• **Work order**:
Using the records below, give again exactly the lines from the line that contains "forall z, z" through the line that contains "by have := (fX z zX).1;", both ends included, and only those.

(Beginning of Input data)

Lemma perfect_matching_of_side_matching f :
  matching_fun adj X (~: X) f -> perfect_matching adj [set [set z; f z] | z in X].
Proof.
move=> [finj fX]; apply/andP; split.
  apply/forallP=> e; apply/implyP=> /imsetP[z zX ->].
  by apply/existsP; exists z; apply/existsP; exists (f z); rewrite (fX z zX).2 eqxx.
have f_onto : f @: X = ~: X.
  apply/eqP; rewrite eqEcard card_in_imset // -bipartite_sides_card leqnn andbT.
  by apply/subsetP=> _ /imsetP[z zX ->]; apply: (fX z zX).1.
apply/forallP=> y.
have [z0 [z0X yz0 z0_uniq]] : exists z0, [/\ z0 \in X, y \in [set z0; f z0] &
    forall z, z \in X -> y \in [set z; f z] -> z = z0].
  have [yX | yX] := boolP (y \in X).
    exists y; split=> [||z zX]; rewrite ?set21 // !inE => /orP[/eqP -> // | /eqP yfz].
    by have := (fX z zX).1; rewrite inE -yfz yX.
  have : y \in f @: X by rewrite f_onto inE.
  case/imsetP=> z0 z0X ->; exists z0; split=> [||z zX]; rewrite ?set22 // !inE.
  case/orP=> /eqP fz0z; last exact/finj.
  by have := (fX z0 z0X).1; rewrite inE fz0z zX.
apply/cards1P; exists [set z0; f z0]; apply/setP=> e; rewrite !inE.
apply/andP/eqP=> [[/imsetP[z zX ->] yz] | ->]; last first.
  by split=> //; apply: imset_f.
by rewrite (z0_uniq z zX yz).
Qed.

(End of Input data)

• **Response area**:
    forall z, z \in X -> y \in [set z; f z] -> z = z0].
  have [yX | yX] := boolP (y \in X).
    exists y; split=> [||z zX]; rewrite ?set21 // !inE => /orP[/eqP -> // | /eqP yfz].
    by have := (fX z zX).1; rewrite inE -yfz yX.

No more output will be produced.